Understanding acceleration's effects on each velocity component helps us predict future motion paths and speeds. It's also key to solving kinematics problems accurately.

Magnitude of Velocity

The magnitude of velocity refers to the speed part of the velocity vector without considering its direction. It can be thought of as the hypotenuse of a right-angled triangle formed by the velocity components.

To calculate the magnitude of velocity for the puck, we use the equation: \[v = \sqrt{v_{x}^{2} + v_{y}^{2}}\] Substituting the values from our problem, we have:

• \(v_{x} = 2.0 \, \text{m/s}\) (at \(t = 0.50 \, \text{s}\))
• \(v_{y} = 1.0 \, \text{m/s}\) (at \(t = 0.50 \, \text{s}\))

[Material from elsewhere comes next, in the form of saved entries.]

Lemma W_V_signs a b a0 :
  a <= a0 <= b -> (forall x, a < x < b -> 0 < Q x) -> W a0 = 0 -> V a0 = 0 ->
  (forall x, a <= x <= b -> Rabs (W x) <= 1/2) ->
  (forall x, a0 < x < b -> 0 < W x /\ Rabs (W x) < 1/2 /\ 0 < V x) /\
  (forall x, a < x < a0 -> W x < 0 /\ Rabs (W x) < 1/2 /\ 0 < V x).
Proof.
  intros Ha0 HQ HWa0 HVa0 HW.
  assert (HWlt : forall x y, a <= x -> x < y -> y <= b -> W x < W y).
  { intros x y Hx Hxy Hy. apply (lt_of_is_derive_pos W Q x y Hxy); auto.
    intros z Hz. apply HQ. lra. }
  assert (HWb : W b <= 1/2) by (pose proof (HW b ltac:(lra)); pose proof (Rle_abs (W b)); lra).
  assert (HWa : - (1/2) <= W a).
  { pose proof (HW a ltac:(lra)). pose proof (Rle_abs (- W a)). rewrite Rabs_Ropp in *. lra. }
  split; intros x Hx.
  - pose proof (HWlt a0 x ltac:(lra) ltac:(lra) ltac:(lra)).
    pose proof (HWlt x b ltac:(lra) ltac:(lra) ltac:(lra)).
    split; [lra | split; [apply Rabs_def1; lra|]].
    rewrite <- HVa0. apply (lt_of_is_derive_pos V W a0 x ltac:(lra)); auto.
    intros z Hz. rewrite <- HWa0. apply HWlt; lra.
  - pose proof (HWlt x a0 ltac:(lra) ltac:(lra) ltac:(lra)).
    pose proof (HWlt a x ltac:(lra) ltac:(lra) ltac:(lra)).
    split; [lra | split; [apply Rabs_def1; lra|]].
    apply Ropp_lt_cancel. rewrite <- HVa0.
    apply (lt_of_is_derive_pos (fun z => - V z) (fun z => - W z) x a0 ltac:(lra)).
    + intros z _. exact (is_derive_opp V z (W z) (V_deriv z)).
    + intros z Hz. assert (W z < W a0) by (apply HWlt; lra). lra.
Qed.

Lemma quotient_sign_changes_Qpos k a b a0 :
  0 < k -> a <= a0 <= b -> (forall x, a < x < b -> Q x <> 0) -> 0 < Q a0 ->
  W a0 = 0 -> V a0 = 0 -> (forall x, a <= x <= b -> Rabs (W x) <= 1/2) ->
  sign_changes_at_most (fun x => a <= x <= b /\ W x <> 0) (Derive (quotient k)) 7.
Proof.
  intros Hk Ha0 HQ HQa0 HWa0 HVa0 HW.
  assert (HQpos : forall x, a < x < b -> 0 < Q x).
  { intros x Hx.
    assert (Hcont : continuity Q).
    { intros z. apply derivable_continuous_pt. eexists. apply is_derive_Reals, Q_deriv. }
    pose proof (same_sign_of_nonvanishing Q a b a0 Hcont Ha0 ltac:(lra) HQ x Hx). nra. }
  destruct (W_V_signs a b a0 Ha0 HQpos HWa0 HVa0 HW) as [Hright Hleft].
  assert (SR : sign_changes_at_most (fun x => a0 < x < b) (Derive (quotient k)) 2).
  { refine (quotient_sign_changes_interval a0 b _ _ _ a0 (or_introl eq_refl) HWa0 HVa0 HQa0 k Hk _).
    - intros x Hx. apply HQpos. lra.
    - intros x Hx. apply Hright, Hx.
    - left. intros x Hx. apply Hright, Hx.
    - intros x Hx. apply Hright, Hx. }
  assert (SL : sign_changes_at_most (fun x => a < x < a0) (Derive (quotient k)) 2).
  { refine (quotient_sign_changes_interval a a0 _ _ _ a0 (or_intror eq_refl) HWa0 HVa0 HQa0 k Hk _).
    - intros x Hx. apply HQpos. lra.
    - intros x Hx. apply Hleft, Hx.
    - right. intros x Hx. apply Hleft, Hx.
    - intros x Hx. apply Hleft, Hx. }
  assert (SL' : sign_changes_at_most (fun x => a <= x < a0) (Derive (quotient k)) 3).
  { apply (sign_changes_subset (fun x => x = a \/ a < x < a0)); [intros x Hx; lra|].
    apply (sign_changes_union (fun x => x = a) (fun x => a < x < a0) _ 0 2); auto.
    - intros; lra.
    - apply sign_changes_point. }
  assert (SR' : sign_changes_at_most (fun x => a0 < x <= b) (Derive (quotient k)) 3).
  { apply (sign_changes_subset (fun x => a0 < x < b \/ x = b)); [intros x Hx; lra|].
    apply (sign_changes_union (fun x => a0 < x < b) (fun x => x = b) _ 2 0); auto.
    - intros; lra.
    - apply sign_changes_point. }
  refine (sign_changes_subset _ _ _ _ _
    (sign_changes_union (fun x => a <= x < a0) (fun x => a0 < x <= b) _ 3 3
       ltac:(intros; lra) SL' SR')).
  intros x [Hx HWx].
  destruct (Req_dec x a0) as [->|Hne]; [contradiction|].
  destruct (Rlt_le_dec x a0); [left|right]; lra.
Qed.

Thus, the magnitude is: \[v = \sqrt{(2.0)^{2} + (1.0)^{2}} = \sqrt{4.0 + 1.0} = \sqrt{5} \approx 2.2 \, \text{m/s}\] This tells us how fast the puck is moving on the air hockey table, disregarding the direction.

Direction of Velocity

The direction of velocity indicates the angle formed by the velocity vector with a reference axis, in this case, the positive x-axis. This is crucial for understanding motion on a plane.

Using the tangent function is a common way to find this direction. Here, we use: \[ \theta = \tan^{-1}\left(\frac{v_{y}}{v_{x}}\right) \] With the values from this exercise:

• \(v_{x} = 2.0 \, \text{m/s}\)
• \(v_{y} = 1.0 \, \text{m/s}\)

We calculate the direction: \[ \theta = \tan^{-1}\left(\frac{1.0}{2.0}\right) \approx 26.6^{\circ} \] This angle is relative to the positive x-axis and lets us know the precise direction in which the puck is headed, combining both its speed and angle of motion.